COVID-19 - Tourisme : Entretien de M. Jean-Baptiste Lemoyne sur "Public Sénat"

Entretien du secrétaire d’État auprès du ministre de l’Europe et des affaires étrangères, Paris, le 12 mai 2020.

Q - Bonjour, Jean-Baptiste Lemoyne.

R - Bonjour.

Q - Merci beaucoup d’être avec nous. Vous êtes secrétaire d’Etat auprès du ministre de l’Europe et des affaires étrangères, on va commencer par cette décision du Conseil constitutionnel qui a donc validé la prolongation de l’état d’urgence sanitaire, à l’exception, quand même, de certaines mesures liées au traçage des malades, deux censures partielles, notamment, pour limiter le nombre de personnes ayant accès aux données et permettre le contrôle d’un juge dans certains cas. Que pensez-vous de cette discussion du Conseil constitutionnel ?

R - Nous saluons cette décision. Elle va permettre, justement, de mettre en oeuvre par décrets un certain nombre de dispositions, la règle des cent kilomètres pour le déplacement des Français notamment. Cela proroge l’état d’urgence, cela montre que tout ceci se fait en étant respectueux de nos libertés fondamentales.

Q - Il y a ce déconfinement qui a commencé progressivement hier, mais il y a encore des questions qui se posent, notamment dans le portefeuille dont vous avez la charge. Est-ce que tous les Français qui sont actuellement encore à l’étranger peuvent revenir sur le territoire national sans condition ?

R - Le principe est que tous ressortissants français peuvent revenir sur sol national. Cela à a parfois été rendu difficile parce que certains pays ont fermés leurs frontières, parfois avec un très court préavis, ou même sans préavis, et donc, depuis le mois de mars, avec Jean-Yves Le Drian, nous avons été mobilisés pour organiser une sorte de pont aérien : 185 000 de nos compatriotes sont revenus depuis la mi-mars ; encore des vols sont arrivés depuis l’Amérique centrale, depuis le Honduras, notamment, et nous poursuivons. Il y a, je dois le dire, encore quelques centaines, voire quelques milliers de Français, parfois binationaux, qui étaient partis au Maroc ou en Algérie et qui s’y trouvent encore. Nous avons doublé les cadences avec Air France mais le travail continue.

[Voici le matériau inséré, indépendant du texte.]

(* Let $m\ge4$, $3\le i\le m$, and let $p=(p_1,\dots,p_m)$ be an ordered tuple of distinct points of $\overline{\mathbf H^n_{\mathbb H}}$ with $p_1,\dots,p_i\in\partial\mathbf H^n_{\mathbb H}$ and $p_{i+1},\dots,p_m\in\mathbf H^n_{\mathbb H}$. Suppose the Gram matrix of the lift $\mathbf p=(\mathbf p_1,\dots,\mathbf p_m)$ is semi-normalized, and let $\lambda_1,\dots,\lambda_m$ be nonzero quaternions. Then the Gram matrix of the lift $\mathbf p'=(\mathbf p_1\lambda_1,\dots,\mathbf p_m\lambda_m)$ is semi-normalized if and only if $\lambda_1=\lambda_2=\cdots=\lambda_m$ and $|\lambda_1|=1$.
   Context: $\mathbb H^{n,1}$ is the right quaternionic vector space $\mathbb H^{n+1}$ with Hermitian form $\langle\mathbf z,\mathbf w\rangle=\bar w_{n+1}z_1+\bar w_2z_2+\cdots+\bar w_nz_n+\bar w_1z_{n+1}$; $\mathbf H^n_{\mathbb H}$ (resp. $\partial\mathbf H^n_{\mathbb H}$) consists of quaternionic lines of negative (resp. nonzero null) vectors, and a lift of a point is a spanning vector. The Gram matrix of a lift is $G=(g_{kj})$, $g_{kj}=\langle\mathbf p_j,\mathbf p_k\rangle$; it is semi-normalized if $g_{kk}=0$ for $k\le i$, $g_{kk}=-1$ for $k>i$, $g_{1j}=1$ for $2\le j\le i$, $|g_{23}|=1$, and $g_{1j}$ is a positive real number for $i<j\le m$. *)

From HB Require Import structures.
From mathcomp Require Import all_boot all_order all_algebra.
Set Implicit Arguments. Unset Strict Implicit. Unset Printing Implicit Defensive.
Import Order.TTheory GRing.Theory Num.Theory.
Local Open Scope ring_scope.

Record quat (R : rcfType) := Quat { qr : R; qi : R; qj : R; qk : R }.

Section Quat.
Variable R : rcfType.

Definition realq (r : R) : quat R := Quat r 0 0 0.
Definition qzero : quat R := realq 0.
Definition qone : quat R := realq 1.

Definition qadd (p q : quat R) : quat R :=
  Quat (qr p + qr q) (qi p + qi q) (qj p + qj q) (qk p + qk q).

Definition qmul (p q : quat R) : quat R :=
  Quat (qr p * qr q - qi p * qi q - qj p * qj q - qk p * qk q)
       (qr p * qi q + qi p * qr q + qj p * qk q - qk p * qj q)
       (qr p * qj q - qi p * qk q + qj p * qr q + qk p * qi q)
       (qr p * qk q + qi p * qj q - qj p * qi q + qk p * qr q).

Definition qconj (p : quat R) : quat R := Quat (qr p) (- qi p) (- qj p) (- qk p).

Definition qabs (p : quat R) : R :=
  Num.sqrt (qr p ^+ 2 + qi p ^+ 2 + qj p ^+ 2 + qk p ^+ 2).

(* vectors of H^{n,1} = H^{n+1}, coordinates z_1..z_{n+1} are indices 0..n *)
Definition qvec (n : nat) := 'I_n.+1 -> quat R.

Definition vscale n (z : qvec n) (l : quat R) : qvec n := fun a => qmul (z a) l.

Definition hform n (z w : qvec n) : quat R :=
  qadd (qmul (qconj (w ord_max)) (z ord0))
    (qadd (\big[qadd/qzero]_(k < n.+1 | (0 < (k : nat) < n)%N) qmul (qconj (w k)) (z k))
          (qmul (qconj (w ord0)) (z ord_max))).

Definition vnonzero n (z : qvec n) : Prop := exists a, z a <> qzero.

(* z spans a point of the boundary: nonzero null vector *)
Definition null_vec n (z : qvec n) : Prop := vnonzero z /\ hform z z = qzero.

(* z spans a point of H^n_H: negative vector (<z,z> is a negative real) *)
Definition neg_vec n (z : qvec n) : Prop := exists r : R, r < 0 /\ hform z z = realq r.

Definition same_line n (z w : qvec n) : Prop := exists l : quat R, z = vscale w l.

(* Gram matrix of the lift p (points indexed 1..m): g_{kj} = <p_j, p_k> *)
Definition gram n (p : nat -> qvec n) (k j : nat) : quat R := hform (p j) (p k).

Definition semi_normalized (m i : nat) (g : nat -> nat -> quat R) : Prop :=
  [/\ (forall k, (1 <= k <= i)%N -> g k k = qzero),
      (forall k, (i < k <= m)%N -> g k k = realq (-1)),
      (forall j, (2 <= j <= i)%N -> g 1%N j = qone),
      qabs (g 2%N 3%N) = 1 &
      (forall j, (i < j <= m)%N -> exists r : R, 0 < r /\ g 1%N j = realq r)].

End Quat.

(** The rescaled Gram matrix is [g'_kj = conj(λ_k) g_kj λ_j], and the modulus of quaternions
    is multiplicative. From [g'_12 = g'_13 = 1] and [|g'_23| = |g_23| = 1] one gets
    [|λ_1|^4 = (|λ_1| |λ_2|)^2 (|λ_1| |λ_3|)^2 / (|λ_2| |λ_3|)^2 = 1], so [|λ_1| = 1], and then
    [conj(λ_1) λ_j = 1] forces [λ_j = λ_1] for [j <= i]. For [k > i], [g'_kk = -1] gives
    [|λ_k| = 1], and positivity of [g_1k] and [g'_1k] makes [conj(λ_1) λ_k] a positive real of
    modulus one, i.e. [1]. Conversely a common unit scalar fixes every normalized entry, because
    real quaternions are central. *)
From mathcomp Require Import all_boot all_order all_algebra.
From mathcomp Require Import ring lra zify.
Import Order.TTheory GRing.Theory Num.Theory.
Local Open Scope ring_scope.
Set Implicit Arguments. Unset Strict Implicit.

Section QuaternionAlgebra.
Variable R : rcfType.
Implicit Types (x y z : quat R) (r s : R).

Definition qnorm2 x : R := qr x ^+ 2 + qi x ^+ 2 + qj x ^+ 2 + qk x ^+ 2.

Lemma qmulA x y z : qmul x (qmul y z) = qmul (qmul x y) z.
Proof. by case: x y z => ? ? ? ? [? ? ? ?] [? ? ? ?]; congr Quat; rewrite /=; ring. Qed.

Lemma qmulDl x y z : qmul (qadd x y) z = qadd (qmul x z) (qmul y z).
Proof. by case: x y z => ? ? ? ? [? ? ? ?] [? ? ? ?]; congr Quat; rewrite /=; ring. Qed.

Lemma qmulDr x y z : qmul x (qadd y z) = qadd (qmul x y) (qmul x z).
Proof. by case: x y z => ? ? ? ? [? ? ? ?] [? ? ? ?]; congr Quat; rewrite /=; ring. Qed.

Lemma qmul0q x : qmul (qzero R) x = qzero R.
Proof. by case: x => ? ? ? ?; congr Quat; rewrite /=; ring. Qed.

Lemma qmulq0 x : qmul x (qzero R) = qzero R.
Proof. by case: x => ? ? ? ?; congr Quat; rewrite /=; ring. Qed.

Lemma qmul1q x : qmul (qone R) x = x.
Proof. by case: x => ? ? ? ?; congr Quat; rewrite /=; ring. Qed.

Lemma qmulq1 x : qmul x (qone R) = x.
Proof. by case: x => ? ? ? ?; congr Quat; rewrite /=; ring. Qed.

Lemma qmul_real r s : qmul (realq r) (realq s) = realq (r * s).
Proof. by congr Quat; rewrite /=; ring. Qed.

Lemma qmul_realC r x : qmul (realq r) x = qmul x (realq r).
Proof. by case: x => ? ? ? ?; congr Quat; rewrite /=; ring. Qed.

Lemma realq_inj : injective (@realq R).
Proof. by move=> r s []. Qed.

Lemma qconjM x y : qconj (qmul x y) = qmul (qconj y) (qconj x).
Proof. by case: x y => ? ? ? ? [? ? ? ?]; congr Quat; rewrite /=; ring. Qed.

Lemma qmul_conjl x : qmul (qconj x) x = realq (qnorm2 x).
Proof. by case: x => ? ? ? ?; congr Quat; rewrite /= /qnorm2 /=; ring. Qed.

Lemma qmul_conjr x : qmul x (qconj x) = realq (qnorm2 x).
Proof. by case: x => ? ? ? ?; congr Quat; rewrite /= /qnorm2 /=; ring. Qed.

Lemma qnorm2M x y : qnorm2 (qmul x y) = qnorm2 x * qnorm2 y.
Proof. by case: x y => ? ? ? ? [? ? ? ?]; rewrite /qnorm2 /=; ring. Qed.

Lemma qnorm2_conj x : qnorm2 (qconj x) = qnorm2 x.
Proof. by case: x => ? ? ? ?; rewrite /qnorm2 /=; ring. Qed.

Lemma qnorm2_real r : qnorm2 (realq r) = r ^+ 2.
Proof. by rewrite /qnorm2 /=; ring. Qed.

Lemma qnorm2_ge0 x : 0 <= qnorm2 x.
Proof. by rewrite /qnorm2 !addr_ge0 ?sqr_ge0. Qed.

Lemma qabs_eq1 x : qabs x = 1 <-> qnorm2 x = 1.
Proof.
rewrite /qabs -/(qnorm2 x); split=> [x1|->]; last exact: sqrtr1.
by rewrite -[qnorm2 x](sqr_sqrtr (qnorm2_ge0 x)) x1 expr1n.
Qed.

Lemma qnorm2_sqr_eq1 x : qnorm2 x ^+ 2 = 1 -> qnorm2 x = 1.
Proof. by move/eqP; rewrite sqrp_eq1 ?qnorm2_ge0 // => /eqP. Qed.

Lemma qsandwich_real x r : qmul (qconj x) (qmul (realq r) x) = realq (r * qnorm2 x).
Proof. by rewrite qmul_realC qmulA qmul_conjl qmul_real mulrC. Qed.

Lemma qmul_realK r x : r != 0 -> qmul (realq r^-1) (qmul (realq r) x) = x.
Proof. by move=> r0; rewrite qmulA qmul_real mulVf // qmul1q. Qed.

Lemma qnorm2_sandwich x y z :
  qnorm2 (qmul (qconj x) (qmul y z)) = qnorm2 x * qnorm2 y * qnorm2 z.
Proof. by rewrite !qnorm2M qnorm2_conj mulrA. Qed.

Lemma unit_qconj_mul_real x y s :
  qnorm2 x = 1 -> qmul (qconj x) y = realq s -> y = qmul x (realq s).
Proof.
by move=> x1 <-; rewrite qmulA qmul_conjr x1 -[y in LHS]qmul1q.
Qed.

Lemma unit_qconj_mul_one x y : qnorm2 x = 1 -> qmul (qconj x) y = qone R -> y = x.
Proof. by move=> x1 /(unit_qconj_mul_real x1) ->; rewrite qmulq1. Qed.

Lemma unit_qconj_mul_pos x y s : qnorm2 x = 1 -> qnorm2 y = 1 -> 0 < s ->
  qmul (qconj x) y = realq s -> y = x.
Proof.
move=> x1 y1 s_gt0 xy; apply: unit_qconj_mul_one => //; rewrite xy.
have /eqP : s ^+ 2 = 1 by rewrite -qnorm2_real -xy qnorm2M qnorm2_conj x1 y1 mulr1.
by rewrite sqrp_eq1 ?ltW // => /eqP ->.
Qed.

Lemma hform_vscale n (z w : qvec R n) x y :
  hform (vscale z x) (vscale w y) = qmul (qconj y) (qmul (hform z w) x).
Proof.
pose f u := qmul (qconj y) (qmul u x).
have fD u v : f (qadd u v) = qadd (f u) (f v) by rewrite /f qmulDl qmulDr.
have f0 : f (qzero R) = qzero R by rewrite /f qmul0q qmulq0.
have fE a b : qmul (qconj (qmul a y)) (qmul b x) = f (qmul (qconj a) b).
  by rewrite /f qconjM !qmulA.
rewrite /hform !fE -/(f (hform z w)) /hform !fD (big_morph f fD f0).
by congr (qadd _ (qadd _ _)); apply: eq_bigr => k _; rewrite fE.
Qed.

Lemma gram_vscale n (p : nat -> qvec R n) (lambda : nat -> quat R) k j :
  gram (fun k => vscale (p k) (lambda k)) k j =
  qmul (qconj (lambda k)) (qmul (gram p k j) (lambda j)).
Proof. exact: hform_vscale. Qed.

End QuaternionAlgebra.

Section RescaledLift.
Variables (R : rcfType) (n m i : nat) (p : nat -> qvec R n) (lambda : nat -> quat R).
Hypotheses (i_ge3 : (3 <= i)%N) (i_le_m : (i <= m)%N).
Hypothesis p_sn : semi_normalized m i (gram p).

Local Notation p' := (fun k => vscale (p k) (lambda k)).

Lemma semi_normalized_vscale_of_const :
  (forall k, (1 <= k <= m)%N -> lambda k = lambda 1%N) -> qnorm2 (lambda 1%N) = 1 ->
  semi_normalized m i (gram p').
Proof.
case: p_sn => null_p neg_p one_p g23 pos_p lambda_eq l1.
have entryE k j : (1 <= k <= m)%N -> (1 <= j <= m)%N ->
    gram p' k j = qmul (qconj (lambda 1%N)) (qmul (gram p k j) (lambda 1%N)).
  by move=> km jm; rewrite gram_vscale !lambda_eq.
split.
- by move=> k ki; rewrite entryE ?null_p ?qmul0q ?qmulq0 //; lia.
- by move=> k km; rewrite entryE ?neg_p ?qsandwich_real ?l1 ?mulr1 //; lia.
- by move=> j ji; rewrite entryE ?one_p ?qsandwich_real ?l1 ?mulr1 //; lia.
- rewrite qabs_eq1 entryE ?qnorm2_sandwich; try lia.
  by rewrite l1 (qabs_eq1 _).1 // !mulr1.
- move=> j jm; have [r [r_gt0 g1j]] := pos_p j jm; exists r; split=> //.
  by rewrite entryE ?g1j ?qsandwich_real ?l1 ?mulr1 //; lia.
Qed.

Hypothesis p'_sn : semi_normalized m i (gram p').

Lemma qnorm2_lambda1_of_semi_normalized : qnorm2 (lambda 1%N) = 1.
Proof.
case: p_sn p'_sn => _ _ one_p g23 _ [_ _ one_p' g'23 _].
have norm_first j : (2 <= j <= i)%N -> qnorm2 (lambda 1%N) * qnorm2 (lambda j) = 1.
  move=> ji; have := congr1 (@qnorm2 R) (one_p' j ji).
  by rewrite gram_vscale one_p // qmul1q qnorm2M qnorm2_conj qnorm2_real expr1n.
have norm23 : qnorm2 (lambda 2%N) * qnorm2 (lambda 3%N) = 1.
  move: g'23; rewrite gram_vscale qabs_eq1 qnorm2_sandwich.
  by rewrite ((qabs_eq1 _).1 g23) mulr1.
apply: qnorm2_sqr_eq1; rewrite -[LHS]mulr1 -norm23.
set a := qnorm2 (lambda 1%N); set b := qnorm2 (lambda 2%N); set c := qnorm2 (lambda 3%N).
have -> : a ^+ 2 * (b * c) = (a * b) * (a * c) by ring.
by rewrite !norm_first ?mulr1 //; lia.
Qed.

Lemma vscale_const_of_semi_normalized : forall k, (1 <= k <= m)%N -> lambda k = lambda 1%N.
Proof.
have l1 := qnorm2_lambda1_of_semi_normalized.
case: p_sn p'_sn => _ neg_p one_p _ pos_p [_ neg_p' one_p' _ pos_p'].
move=> k km; case: (leqP k i) => [ki | ik].
  case: (ltnP 1 k) => [k_gt1 | k_le1]; last by have -> : k = 1%N by lia.
  have kj : (2 <= k <= i)%N by lia.
  apply: unit_qconj_mul_one l1 _.
  by have := one_p' k kj; rewrite gram_vscale one_p // qmul1q.
have kj : (i < k <= m)%N by lia.
have lk : qnorm2 (lambda k) = 1.
  have := neg_p' k kj; rewrite gram_vscale neg_p // qsandwich_real.
  by move=> /realq_inj; lra.
have [r [r_gt0 g1k]] := pos_p k kj.
have [s [s_gt0 g'1k]] := pos_p' k kj.
apply: (@unit_qconj_mul_pos _ _ _ (r^-1 * s)) => //; first by rewrite mulr_gt0 ?invr_gt0.
rewrite -qmul_real -g'1k gram_vscale g1k qmulA qmul_realC -qmulA.
by rewrite qmul_realK ?gt_eqF.
Qed.

End RescaledLift.

Theorem lemma8p5 (R : rcfType) (n m i : nat) (p : nat -> qvec R n)
  (lambda : nat -> quat R) :
  (1 <= n)%N -> (4 <= m)%N -> (3 <= i <= m)%N ->
  (forall k, (1 <= k <= i)%N -> null_vec (p k)) ->
  (forall k, (i < k <= m)%N -> neg_vec (p k)) ->
  (forall j k, (1 <= j <= m)%N -> (1 <= k <= m)%N -> j <> k ->
     ~ same_line (p j) (p k)) ->
  semi_normalized m i (gram p) ->
  (forall k, (1 <= k <= m)%N -> lambda k <> qzero R) ->
  (semi_normalized m i (gram (fun k => vscale (p k) (lambda k))) <->
   ((forall k, (1 <= k <= m)%N -> lambda k = lambda 1%N) /\ qabs (lambda 1%N) = 1)).
Proof.
move=> _ _ /andP[i_ge3 i_le_m] _ _ _ p_sn _.
split=> [p'_sn | [lambda_eq /qabs_eq1 l1]].
- split; first exact: vscale_const_of_semi_normalized i_ge3 i_le_m p_sn p'_sn.
  exact/qabs_eq1/(qnorm2_lambda1_of_semi_normalized i_ge3 i_le_m p_sn p'_sn).
- exact: semi_normalized_vscale_of_const i_ge3 i_le_m p_sn lambda_eq l1.
Qed.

S’agissant des Français établis hors de France, résidents, vous avez raison de signaler que la loi prorogeant l’état d’urgence sanitaire prévoit une possibilité, c’est celle d’une quatorzaine, selon l’état sanitaire du pays, je dirais, émetteur de ces flux. Mais ce travail se poursuit avec le ministère de la santé pour identifier les pays dans lesquels l’épidémie est la plus active. Naturellement, nous souhaitons être aux côtés de nos communautés françaises et leur faciliter la vie.

Q - En tout cas, il n’y aura pas de quatorzaine pour les Français, en tout cas pour les personnes venant du Royaume-Uni, pour celles venant aussi de l’espace Schengen. N’est-ce pas risqué sur le plan sanitaire de ne pas avoir la pratique de quatorzaine pour ces personnes entrant sur le territoire français ?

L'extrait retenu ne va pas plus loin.